Se ele conseguiu fazer isso, a base fundamental da filosofia da McLaren é a justiça. Seus pilotos estão autorizados a competir entre si e a equipe só intervirá em circunstâncias específicas, como aquelas que surgiu algumas vezes no ano passado.
É justo ressaltar que esta é uma abordagem diferente daquela tradicionalmente adotada na Red Bull, mas é a mesma usada pela Mercedes, outra equipe com a qual Verstappen manteve negociações.
Nenhum dos dois mudaria sua abordagem se Verstappen se juntasse à equipe, mas por que ele teria problemas com isso?
Tenho certeza que ele se apoiaria para vencer qualquer luta com qualquer companheiro que enfrentasse.
Da mesma forma, qualquer equipe que enfrente Verstappen estaria ciente de que estaria enfrentando um nível de estresse que não experimentaria com nenhum outro piloto, e que isso testaria suas habilidades de gestão.
Mas embora alguns possam argumentar que a abordagem singular e sem concessões de Verstappen é um motivo para ter cuidado ao contratá-lo, as equipes de F1 são, em última análise, uma questão de desempenho.

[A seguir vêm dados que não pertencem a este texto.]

(* Let $\lambda_j,\mu_j$ be real numbers with $0\le\lambda_j\le\mu_j$ for $j=0,\dots,n$. Then $\Phi_{(\lambda_0,\dots,\lambda_n)}(x)$ is real for all $x\in\mathbb{R}$, $\Phi_{(\lambda_0,\dots,\lambda_n)}(x)>0$ for all $x>0$, and $$\left|\Phi_{(\lambda_0,\dots,\lambda_n)}(z)\right|\le\Phi_{(\mu_0,\dots,\mu_n)}(|z|)\quad\text{for all }z\in\mathbb{C}.$$
   Context: For $\lambda_0,\dots,\lambda_n\in\mathbb{C}$ the fundamental function is the entire function $\Phi_{(\lambda_0,\dots,\lambda_n)}(z)=\frac{1}{2\pi i}\int_{|w|=R}\frac{e^{zw}}{(w-\lambda_0)\cdots(w-\lambda_n)}\,dw$, where $R>\max_j|\lambda_j|$ and the circle is positively oriented. *)

From Stdlib Require Import Reals ClassicalEpsilon.
Open Scope R_scope.

Definition Cplx := (R * R)%type.
Definition RtoC (x : R) : Cplx := (x, 0).
Definition Re (z : Cplx) : R := fst z.
Definition Im (z : Cplx) : R := snd z.
Definition Cadd (z w : Cplx) : Cplx := (fst z + fst w, snd z + snd w).
Definition Csub (z w : Cplx) : Cplx := (fst z - fst w, snd z - snd w).
Definition Cmul (z w : Cplx) : Cplx :=
  (fst z * fst w - snd z * snd w, fst z * snd w + snd z * fst w).
Definition Cnorm (z : Cplx) : R := sqrt (fst z * fst z + snd z * snd z).
Definition Cinv (z : Cplx) : Cplx :=
  let d := fst z * fst z + snd z * snd z in (fst z / d, - snd z / d).
Definition Cdiv (z w : Cplx) : Cplx := Cmul z (Cinv w).
Definition Ci : Cplx := (0, 1).
Definition Cexp (z : Cplx) : Cplx := (exp (fst z) * cos (snd z), exp (fst z) * sin (snd z)).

E assinar com Verstappen é uma garantia do melhor desempenho possível no cockpit, sem dúvida da forma mais consistente.
Para a McLaren, que nesta temporada está enfrentando algumas das desvantagens de ser uma equipe de motores cliente de uma forma que não acontecia anteriormente, essa poderia ser uma proposta muito atraente, já que eles buscam toda vantagem que puderem.
Lewis Hamilton, de 41 anos, venceu recentemente uma corrida pela Ferrari. Fernando Alonso, de 44 anos, tem consistentemente superado o seu companheiro de equipe mais jovem e provavelmente, se tivesse um carro comparável, também venceria uma corrida. Os carros são mais fáceis de conduzir ou será que a capacidade de alguns pilotos de conduzir ao mais alto nível tem mais longevidade? – Mateus
É um facto que os Grandes Prémios são menos exigentes fisicamente do que eram, por exemplo, em meados da década de 2000, quando houve reabastecimento e uma guerra de pneus e as corridas foram disputadas a todo vapor do início ao fim.
Com a gestão de pneus e de energia, isso já não acontece.
Não se engane, porém, dirigir um carro de F1 ainda é uma experiência física altamente exigente, e Hamilton e Alonso estão em excelentes condições.
A resposta é que o verdadeiro factor limitante para um piloto de corrida à medida que envelhece é mais mental do que físico, desde que seja capaz de continuar a satisfazer as exigências corporais.
Os condutores tendem a perder o desejo e o empenho necessários para se testarem até ao limite num ambiente extremamente perigoso.
Você tem que realmente querer que ele tenha um desempenho ao mais alto nível na F1, para dirigir até o limite toda vez que você entrar no carro, não importa o quão competitivo ele seja. E Hamilton e Alonso continuam totalmente comprometidos e apaixonados pelo que fazem.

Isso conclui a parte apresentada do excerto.